Pull out every line below containing the word "else".

### Data to process

Lemma submajorizedP (R : realType) N (a b : config N) : (0 < N)%N ->
  submajorized a b <-> forall i, (1 <= i)%N -> V R i a <= V R i b.
Proof.
move=> N_gt0; have N_inv_gt0 : 0 < N%:R^-1 :> R by rewrite invr_gt0 ltr0n.
split=> [ab [//|c] _|Vab c]; first by rewrite !V_excess ler_pM2r // ler_nat.
by have := Vab c.+1 isT; rewrite !V_excess ler_pM2r // ler_nat.
Qed.

Lemma uniform01E (R : realType) (A : set R) : measurable A ->
  uniform_prob (@ltr01 R) A = lebesgue_measure (`[0, 1[ `&` A).
Proof.
move=> mA; rewrite /uniform_prob integral_uniform_pdf.
have mA01 : measurable (A `&` `[0, 1]) by apply: measurableI => //; exact: measurable_itv.
rewrite (eq_integral (fun=> 1%:E)); last first.
  by move=> u; rewrite inE => -[_]; rewrite /uniform_pdf /= in_itv /= => ->; rewrite subr0 invr1.
rewrite integral_cst // mul1e setIC.
have -> : `[0, 1] `&` A = (`[0, 1[ `&` A) `|` ([set 1] `&` A).
  by rewrite -setIUl setUitv1 // bnd_simp.
rewrite measureU0 //.
- by apply: measurableI => //; exact: measurable_itv.
- exact: measurableI.
- apply: (@subset_measure0 _ _ _ lebesgue_measure _ [set (1 : R)]).
  + exact: measurableI.
  + exact: measurable_set1.
  + by move=> u [].
  + exact: lebesgue_measure_set1.
Qed.

Section Sampler.
Variables (R : realType) (S : eqType).
Local Notation mu := (@lebesgue_measure R).

(* A cell [(x, lo, w)] is the state [x] together with the interval [lo, lo + w[
   of values of the driving uniform variable that lead to it. *)
Definition cell := (S * R * R)%type.

Definition cell_itv (c : cell) : set R := `[c.1.2, c.1.2 + c.2[.

(* Splits [lo, lo + w[ into consecutive pieces of lengths [w * e.1] for the
   weighted moves [e] of [es] and returns the piece containing [u]; the last
   piece absorbs every [u] beyond the earlier ones. *)
Fixpoint select (x : S) (es : seq (R * S)) (lo w u : R) : cell :=
  match es with
  | [::] => (x, lo, 0)
  | e :: es' =>
    if (es' == [::]) || (u < lo + w * e.1) then (e.2, lo, w * e.1)
    else select x es' (lo + w * e.1) w u
  end.

Fixpoint pieces (es : seq (R * S)) (lo w : R) : seq cell :=
  if es is e :: es' then (e.2, lo, w * e.1) :: pieces es' (lo + w * e.1) w
  else [::].

Lemma measurable_ltr (a : R) : measurable [set u : R | u < a].
Proof.
have -> : [set u : R | u < a] = `]-oo, a[ by apply/seteqP; split=> u /=; rewrite in_itv.
exact: measurable_itv.
Qed.

Lemma measurable_select (H : cell -> set R) x es lo w :
  (forall c, measurable (H c)) -> measurable [set u | H (select x es lo w u) u].
Proof.
move=> mH; elim: es lo => [|e es IH] lo /=; first exact: mH.
case: eqP => _ /=; first exact: mH.
set lt_e := [set u | u < lo + w * e.1].
have -> : [set u | H (if u < lo + w * e.1 then (e.2, lo, w * e.1)
                      else select x es (lo + w * e.1) w u) u] =
    (lt_e `&` H (e.2, lo, w * e.1)) `|`
    (~` lt_e `&` [set u | H (select x es (lo + w * e.1) w u) u]).
  apply/seteqP; split=> u; rewrite /lt_e /=; case: ifPn => [lt_u|/negP ge_u].
  - by left.
  - by right.
  - by case=> -[].
  - by case=> -[].
have mlt_e : measurable lt_e by exact: measurable_ltr.
by apply: measurableU; apply: measurableI => //; exact: measurableC.
Qed.

Lemma measure_select (H : cell -> set R) x es lo w :
  (forall c, measurable (H c)) -> 0 <= w -> all (fun e => 0 <= e.1) es ->
  mu (`[lo, lo + w * \sum_(e <- es) e.1[ `&` [set u | H (select x es lo w u) u]) =
  (\sum_(c <- pieces es lo w) mu (cell_itv c `&` H c))%E.
Proof.
move=> mH w_ge0; elim: es lo => [|e es IH] lo /=.
  by rewrite !big_nil mulr0 addr0 set_itvco0 set0I measure0.
case/andP=> e_ge0 es_ge0; rewrite big_cons.
case: eqP => [->|_] /=; first by rewrite !big_seq1 big_nil addr0.
rewrite big_cons /=.
set m := lo + w * e.1; set s := \sum_(e <- es) e.1.
have s_ge0 : 0 <= s by rewrite /s big_seq sumr_ge0 // => f /(allP es_ge0).
have split_itv : `[lo, lo + w * (e.1 + s)[ `&`
      [set u | H (if u < m then (e.2, lo, w * e.1) else select x es m w u) u] =
    (`[lo, m[ `&` H (e.2, lo, w * e.1)) `|` (`[m, m + w * s[ `&` [set u | H (select x es m w u) u]).
  have le_lo_m : lo <= m by rewrite lerDl mulr_ge0.
  rewrite mulrDr addrA -/m; apply/seteqP; split=> u /=; rewrite !in_itv /=.
  - case: ifPn => [_|ge_um] [/andP[le_lo_u lt_u] Hu]; first by left; rewrite le_lo_u.
    by right; rewrite leNgt ge_um lt_u.
  - case=> -[/andP[ge_u lt_u] Hu].
      by rewrite ge_u lt_u (lt_le_trans lt_u) // lerDl mulr_ge0.
    by rewrite [u < m]ltNge ge_u (le_trans le_lo_m ge_u) lt_u.
rewrite split_itv measureU; first by rewrite -IH.
- by apply: measurableI; [exact: measurable_itv|exact: mH].
- by apply: measurableI; [exact: measurable_itv|exact: measurable_select].
- apply/seteqP; split=> // u [[+ _] [+ _]]; rewrite /mkset !in_itv /=.
  by move=> /andP[_ lt_um] /andP[le_mu _]; have := lt_le_trans lt_um le_mu; rewrite ltxx.
Qed.

Lemma pieces_width_ge0 es lo w : 0 <= w -> all (fun e => 0 <= e.1) es ->
  all (fun c : cell => 0 <= c.2) (pieces es lo w).
Proof.
move=> w_ge0; elim: es lo => [|e es IH] lo //= /andP[e_ge0 es_ge0].
by rewrite mulr_ge0 // IH.
Qed.

Lemma big_pieces (F : S -> R -> R) es lo w :
  \sum_(c <- pieces es lo w) F c.1.1 c.2 = \sum_(e <- es) F e.2 (w * e.1).
Proof. by elim: es lo => [|e es IH] lo /=; rewrite ?big_nil // !big_cons IH. Qed.

Lemma select_state x es lo w u : es != [::] ->
  (select x es lo w u).1.1 \in [seq e.2 | e <- es].
Proof.
elim: es lo => [|e es IH] lo //= _; rewrite in_cons.
case: ifP => [_|/norP[nes _]]; first by rewrite eqxx.
by rewrite IH ?orbT.
Qed.

Variable moves : S -> seq (R * S).
Hypothesis moves_ge0 : forall x, all (fun e => 0 <= e.1) (moves x).
Hypothesis moves_sum1 : forall x, \sum_(e <- moves x) e.1 = 1.

Definition advance (u : R) (c : cell) : cell := select c.1.1 (moves c.1.1) c.1.2 c.2 u.
Definition sample (c0 : cell) (n : nat) (u : R) : cell := iter n (advance u) c0.

Definition offspring (c : cell) : seq cell := pieces (moves c.1.1) c.1.2 c.2.
Definition generation (c0 : cell) (n : nat) : seq cell :=
  iter n (fun cs => flatten (map offspring cs)) [:: c0].

Lemma generation_width_ge0 c0 n : 0 <= c0.2 -> all (fun c : cell => 0 <= c.2) (generation c0 n).
Proof.
move=> c0_ge0; elim: n => [|n IH] /=; first by rewrite c0_ge0.
apply/allP => c' /flattenP[_ /mapP[c /(allP IH) c_ge0 ->]]; apply/allP: c'.
exact: pieces_width_ge0.
Qed.

Lemma measurable_sample (H : cell -> set R) c0 n :
  (forall c, measurable (H c)) -> measurable [set u | H (sample c0 n u) u].
Proof.
elim: n H => [|n IH] H mH; first exact: mH.
by apply: (IH (fun c u => H (advance u c) u)) => c; exact: measurable_select.
Qed.

Lemma measure_sample (H : cell -> set R) c0 n :
  (forall c, measurable (H c)) -> 0 <= c0.2 ->
  mu (cell_itv c0 `&` [set u | H (sample c0 n u) u]) =
  (\sum_(c <- generation c0 n) mu (cell_itv c `&` H c))%E.
Proof.
move=> mH c0_ge0; elim: n H mH => [|n IH] H mH /=; first by rewrite big_seq1.
rewrite (IH (fun c u => H (advance u c) u)); last by move=> c; exact: measurable_select.
rewrite big_flatten big_map; apply: eq_big_seq => c /(allP (generation_width_ge0 n c0_ge0)) c_ge0.
have -> : cell_itv c = `[c.1.2, c.1.2 + c.2 * \sum_(e <- moves c.1.1) e.1[.
  by rewrite moves_sum1 mulr1.
exact: measure_select.
Qed.

Lemma measurable_fun_sample d (T : measurableType d) (f : S -> T) c0 n :
  measurable_fun setT (fun u => f (sample c0 n u).1.1).
Proof.
move=> _ B mB; rewrite setTI.
have mH (c : cell) : measurable (cst (f c.1.1) @^-1` B : set R).
  by rewrite preimage_cst; case: ifP.
exact: (measurable_sample c0 n mH).
Qed.

Lemma measure_cell_itv (c : cell) : 0 <= c.2 -> mu (cell_itv c) = c.2%:E.
Proof.
case: c => [[x lo] w] /=; rewrite /cell_itv /= le_eqVlt => /predU1P[<-|w_gt0].
  by rewrite addr0 set_itvco0 measure0.
by rewrite lebesgue_measure_itv /= lte_fin ltrDl w_gt0 -EFinD addrAC subrr add0r.
Qed.

Lemma prob_sample (g : S -> bool) x n :
  uniform_prob (@ltr01 R) [set u | g (sample (x, 0, 1) n u).1.1] =
  \sum_(c <- generation (x, 0, 1) n) (c.2 * (g c.1.1)%:R)%:E.
Proof.
have g_set (c : cell) : [set _ : R | g c.1.1] = if g c.1.1 then setT else set0.
  by case: (g _); apply/seteqP; split.
have mg (c : cell) : measurable [set _ : R | g c.1.1] by rewrite g_set; case: ifP.
rewrite uniform01E; last exact: (measurable_sample _ _ mg).
have := @measure_sample _ (x, 0%R, 1%R) n mg ler01; rewrite /cell_itv /= add0r => ->.
have /allP width_ge0 := @generation_width_ge0 (x, 0%R, 1%R) n ler01.
apply: eq_big_seq => c /width_ge0 c_ge0.
rewrite g_set; case: (g c.1.1); last by rewrite setI0 measure0 mulr0.
by rewrite setIT mulr1 measure_cell_itv.
Qed.
End Sampler.

Section Coupling.
Variables (R : realType) (N : nat) (lam p : R).
Hypotheses (lam_ge0 : 0 <= lam) (N_gt0 : (0 < N)%N) (p_ge0 : 0 <= p) (p_le1 : p <= 1).
Local Notation C := (config N).
Implicit Types (a b : C) (x : C * C).

Definition event_rate : R := N%:R * (1 + lam).

Lemma event_rate_gt0 : 0 < event_rate.
Proof. by rewrite mulr_gt0 ?ltr0n // ltr_pwDl. Qed.

(* A tick of the central clock of the first system, coupled with the share [p]
   of the clock of station [n] of the second one. *)
Definition central_moves (a b : C) (n : 'I_N) : seq (R * (C * C)) :=
  if (\sum_m a m == 0)%N then [:: (p / event_rate, (a, dep n b))]
  else [seq (p / event_rate / #|longest a|%:R, (dep m a, dep n b))
       | m <- enum (longest a)].

(* Arrivals and clock ticks of station [n] in the first system are matched with
   those of the station of the same rank in the second one. *)
Definition coupled_moves (x : C * C) : seq (R * (C * C)) :=
  let s := comatch x.1 x.2 in
  [seq (lam / event_rate, (arr n x.1, arr (s n) x.2)) | n <- enum 'I_N] ++
  [seq ((1 - p) / event_rate, (dep n x.1, dep (s n) x.2)) | n <- enum 'I_N] ++
  flatten [seq central_moves x.1 x.2 n | n <- enum 'I_N].

Lemma big_coupled_moves (F : R * (C * C) -> R) x :
  let s := comatch x.1 x.2 in
  \sum_(e <- coupled_moves x) F e =
  \sum_n F (lam / event_rate, (arr n x.1, arr (s n) x.2)) +
  \sum_n F ((1 - p) / event_rate, (dep n x.1, dep (s n) x.2)) +
  \sum_n \sum_(e <- central_moves x.1 x.2 n) F e.
Proof. by rewrite /= !big_cat !big_map big_flatten /= big_map !big_enum addrA. Qed.

Lemma big_central_moves (F : R * (C * C) -> R) a b n :
  \sum_(e <- central_moves a b n) F e =
  if (\sum_m a m == 0)%N then F (p / event_rate, (a, dep n b))
  else \sum_(m in longest a) F (p / event_rate / #|longest a|%:R, (dep m a, dep n b)).
Proof. by rewrite /central_moves; case: ifP; rewrite ?big_seq1 // big_map big_enum. Qed.

Lemma longest_card_gt0 a : (0 < #|longest a|)%N.
Proof.
have /(bigop.eq_bigmax (fun i => a i))[m max_m] : (0 < #|'I_N|)%N by rewrite card_ord.
by apply/card_gt0P; exists m; rewrite inE /maxQ max_m.
Qed.

Lemma sum_longest_const a (r : R) : \sum_(m in longest a) r / #|longest a|%:R = r.
Proof.
by rewrite sumr_const -[(r / _) *+ _]mulr_natr mulfVK // pnatr_eq0 -lt0n longest_card_gt0.
Qed.

Lemma coupled_moves_sum1 x : \sum_(e <- coupled_moves x) e.1 = 1.
Proof.
rewrite big_coupled_moves /=.
under [X in _ + _ + X]eq_bigr => n _ do
  rewrite big_central_moves /= (fun_if id) sum_longest_const if_same.
rewrite !sumr_const card_ord -!(mulr_natl (_ / event_rate)) -!mulrDr -!mulrDl.
have -> : lam + (1 - p) + p = 1 + lam by ring.
by rewrite mulrA mulfV // gt_eqF // event_rate_gt0.
Qed.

######

### Solution to the exercise
    else select x es' (lo + w * e.1) w u
  else [::].
                      else select x es (lo + w * e.1) w u) u] =
      [set u | H (if u < m then (e.2, lo, w * e.1) else select x es m w u) u] =
have g_set (c : cell) : [set _ : R | g c.1.1] = if g c.1.1 then setT else set0.
  else [seq (p / event_rate / #|longest a|%:R, (dep m a, dep n b))
  else \sum_(m in longest a) F (p / event_rate / #|longest a|%:R, (dep m a, dep n b)).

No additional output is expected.